🤖 AI Summary
Hardware-aware neural architecture search (NAS) suffers from low GPU latency prediction accuracy and high data acquisition costs. Method: This paper proposes the first end-to-end proxy model construction framework, systematically analyzing the entire proxy modeling pipeline to identify data generation bias and model generalization bottlenecks. It innovatively jointly optimizes automated sampling strategies and multi-regression model training while incorporating hardware-aware feature enhancement.
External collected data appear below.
(* Let $\gamma$ be an arc-length parametrized curve in a $2$-dimensional real space form $M^2(G)$ with curvature $k$, and let $(T_{\mathcal{P},\gamma}(\Lambda_G),[\cdot,\cdot]_\gamma)$ and $\mathrm{der}^*(\mathcal{P})$ be as below. The map $\Phi_\gamma:T_{\mathcal{P},\gamma}(\Lambda_G)\to\mathrm{der}^*(\mathcal{P})$, $\Phi_\gamma(\mathbf{V})=\partial_{\mathbf{V}(k)}$, is a homomorphism of Lie algebras.
   Context: $\mathcal{P}=\mathbb{R}[k^{(m)}:m\in\mathbb{N}]$ (polynomials in $k$ and its arc-length derivatives), $\mathcal{P}_0$ those with zero constant term. For $a\in\mathcal{P}$, $\partial_a=\sum_{m\ge0}a^{(m)}\frac{\partial}{\partial k^{(m)}}$ is a derivation of $\mathcal{P}$; $\mathrm{der}^*(\mathcal{P})=\{\partial_a:a\in\mathcal{P}\}$ is a Lie algebra under the commutator, with $[\partial_a,\partial_b]=\partial_{\partial_ab-\partial_ba}$. Frenet frame $\{\mathbf{T},\mathbf{N}\}$ with $\nabla_{\mathbf{T}}\mathbf{T}=k\mathbf{N}$, $\nabla_{\mathbf{T}}\mathbf{N}=-k\mathbf{T}$. $T_{\mathcal{P},\gamma}(\Lambda_G)=\{\mathbf{V}=f\mathbf{T}+g\mathbf{N}: f,g\in\mathcal{P},\ f\in\mathcal{P}_0,\ f'=kg\}$. For $\mathbf{V}=f\mathbf{T}+g\mathbf{N}$ with $f,g\in\mathcal{P}$ put $\rho_{\mathbf{V}}=f'-kg$, $\varphi_{\mathbf{V}}=g'+kf$; $\mathbf{V}$ acts on $\mathcal{P}$ as the derivation with $\mathbf{V}(k)=\varphi_{\mathbf{V}}'-k\rho_{\mathbf{V}}+Gg$ and $\mathbf{V}(h')=\mathbf{V}(h)'+\rho_{\mathbf{V}}h'$ (so for $\mathbf{V}\in T_{\mathcal{P},\gamma}(\Lambda_G)$, $\mathbf{V}(k)=\varphi_{\mathbf{V}}'+Gg$). Define $D_{\mathbf{V}}\mathbf{W}=(\mathbf{V}(f_{\mathbf{W}})-g_{\mathbf{W}}\varphi_{\mathbf{V}})\mathbf{T}+(\mathbf{V}(g_{\mathbf{W}})+f_{\mathbf{W}}\varphi_{\mathbf{V}})\mathbf{N}$ for $\mathbf{W}=f_{\mathbf{W}}\mathbf{T}+g_{\mathbf{W}}\mathbf{N}$, and the Lie bracket $[\mathbf{V},\mathbf{W}]_\gamma=D_{\mathbf{V}}\mathbf{W}-D_{\mathbf{W}}\mathbf{V}$, under which $T_{\mathcal{P},\gamma}(\Lambda_G)$ is a Lie algebra. *)

From HB Require Import structures.
From mathcomp Require Import all_boot all_order all_algebra.
From mathcomp Require Import finmap.
From mathcomp.multinomials Require Import monalg.
From mathcomp Require Import reals.

Set Implicit Arguments.
Unset Strict Implicit.
Unset Printing Implicit Defensive.

Import Order.TTheory GRing.Theory Num.Theory.
Local Open Scope ring_scope.

Section Defs.
Variable R : realType.

(* P = R[k^(m) : m in nat]: the free commutative R-algebra on the
   variables k^(0), k^(1), ... (monomials = finitely supported nat -> nat). *)
Definition P := {malg R[{cmonom nat}]}.

Definition kv (m : nat) : P := << (@ucm nat m) >>.

Definition const_term (p : P) : R := p@_(@onecm nat).

Definition pd (m : nat) (p : P) : P :=
  \sum_(mon <- msupp p) (p@_mon * (mon m)%:R) *: << divcm mon (@ucm nat m) >>.

Definition nvar (p : P) : nat :=
  (\max_(mon <- msupp p) \max_(i <- finsupp mon) i.+1)%N.

(* the derivation of P sending k^(i) to e i:  p |-> sum_i e i * dp/dk^(i) *)
Definition extD (e : nat -> P) (p : P) : P :=
  \sum_(i < nvar p) e i * pd i p.

(* arc-length derivative  h |-> h' , the derivation with (k^(m))' = k^(m+1) *)
Definition D (p : P) : P := extD (fun i => kv i.+1) p.

Definition Dn (m : nat) (a : P) : P := iter m D a.

Definition pder (a : P) (h : P) : P := extD (fun i => Dn i a) h.

(* vector fields V = f T + g N, represented as the pair (f, g) *)
Definition VF := (P * P)%type.

Definition rhoV (V : VF) : P := D V.1 - kv 0 * V.2.
Definition phiV (V : VF) : P := D V.2 + kv 0 * V.1.

Definition Vk (G : R) (V : VF) : P := D (phiV V) - kv 0 * rhoV V + G%:MP * V.2.

(* V(k^(m)), determined by V(h') = V(h)' + rho_V h' *)
Fixpoint Vgen (G : R) (V : VF) (m : nat) : P :=
  match m with
  | 0 => Vk G V
  | m'.+1 => D (Vgen G V m') + rhoV V * kv m'.+1
  end.

Definition Vact (G : R) (V : VF) (h : P) : P := extD (Vgen G V) h.

(* membership in T_{P,gamma}(Lambda_G):  f in P_0 and f' = k g *)
Definition inT (V : VF) : Prop := const_term V.1 = 0 /\ D V.1 = kv 0 * V.2.

Definition covD (G : R) (V W : VF) : VF :=
  (Vact G V W.1 - W.2 * phiV V, Vact G V W.2 + W.1 * phiV V).

Definition brk (G : R) (V W : VF) : VF :=
  ((covD G V W).1 - (covD G W V).1, (covD G V W).2 - (covD G W V).2).

Definition addVF (V W : VF) : VF := (V.1 + W.1, V.2 + W.2).
Definition scaleVF (c : R) (V : VF) : VF := (c *: V.1, c *: V.2).

Definition Phi (G : R) (V : VF) : P -> P := pder (Vk G V).

End Defs.

(* For V tangent to Lambda_G the Frenet relation f' = k g makes rho_V vanish, so V acts on P
   as the derivation with V(k^(m)) = V(k)^(m), that is, as partial_{V(k)}.  A derivation of P
   is determined by its values on the variables k^(m), and partial_a commutes with ', hence
   [partial_a, partial_b] = partial_{partial_a b - partial_b a}.  Linearity of Phi_gamma thus
   reduces to that of V |-> V(k), and the bracket to [V, W]_gamma(k) = V(W(k)) - W(V(k)), a
   direct computation using only the Leibniz rule, the commutation of partial_{V(k)} with ',
   the Frenet relations and G' = 0. *)

From HB Require Import structures.
From mathcomp Require Import all_boot all_order all_algebra.
From mathcomp Require Import finmap.
From mathcomp.multinomials Require Import monalg.
From mathcomp Require Import reals.
From mathcomp Require Import ring zify.

Set Implicit Arguments.
Unset Strict Implicit.
Unset Printing Implicit Defensive.

Import GRing.Theory.
Local Open Scope ring_scope.

Section Derivations.
Variables (R : comRingType) (A : comAlgType R).

Definition derivation (d : A -> A) : Prop :=
  [/\ {morph d : x y / x + y}, forall (c : R) x, d (c *: x) = c *: d x
    & forall x y, d (x * y) = d x * y + x * d y].

Section DerivationTheory.
Variable d : A -> A.
Hypothesis d_der : derivation d.

Lemma derD : {morph d : x y / x + y}. Proof. by case: d_der. Qed.
Lemma derZ c x : d (c *: x) = c *: d x. Proof. by case: d_der. Qed.
Lemma derM x y : d (x * y) = d x * y + x * d y. Proof. by case: d_der. Qed.

Lemma derN : {morph d : x / - x}.
Proof. by move=> x; rewrite -scaleN1r derZ scaleN1r. Qed.

Lemma derB : {morph d : x y / x - y}.
Proof. by move=> x y; rewrite derD derN. Qed.

Lemma der1 : d 1 = 0.
Proof.
have := derM 1 1; rewrite !mulr1 mul1r => d1E.
by apply: (addrI (d 1)); rewrite addr0 -d1E.
Qed.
Results: Experiments on NVIDIA GPU platforms demonstrate that the proposed method reduces average latency prediction error by 38.2% and cuts data collection overhead by 52%. Moreover, it exhibits strong cross-architecture and cross-device generalization capability, significantly improving search efficiency and reliability of NAS in resource-constrained scenarios.
📝 Abstract
Hardware-aware Neural Architecture Search (NAS) is one of the most promising techniques for designing efficient Deep Neural Networks (DNNs) for resource-constrained devices. Surrogate models play a crucial role in hardware-aware NAS as they enable efficient prediction of performance characteristics (e.g., inference latency and energy consumption) of different candidate models on the target hardware device. In this paper, we focus on building hardware-aware latency prediction models. We study different types of surrogate models and highlight their strengths and weaknesses. We perform a systematic analysis to understand the impact of different factors that can influence the prediction accuracy of these models, aiming to assess the importance of each stage involved in the model designing process and identify methods and policies necessary for designing/training an effective estimation model, specifically for GPU-powered devices. Based on the insights gained from the analysis, we present a holistic framework that enables reliable dataset generation and efficient model generation, considering the overall costs of different stages of the model generation pipeline.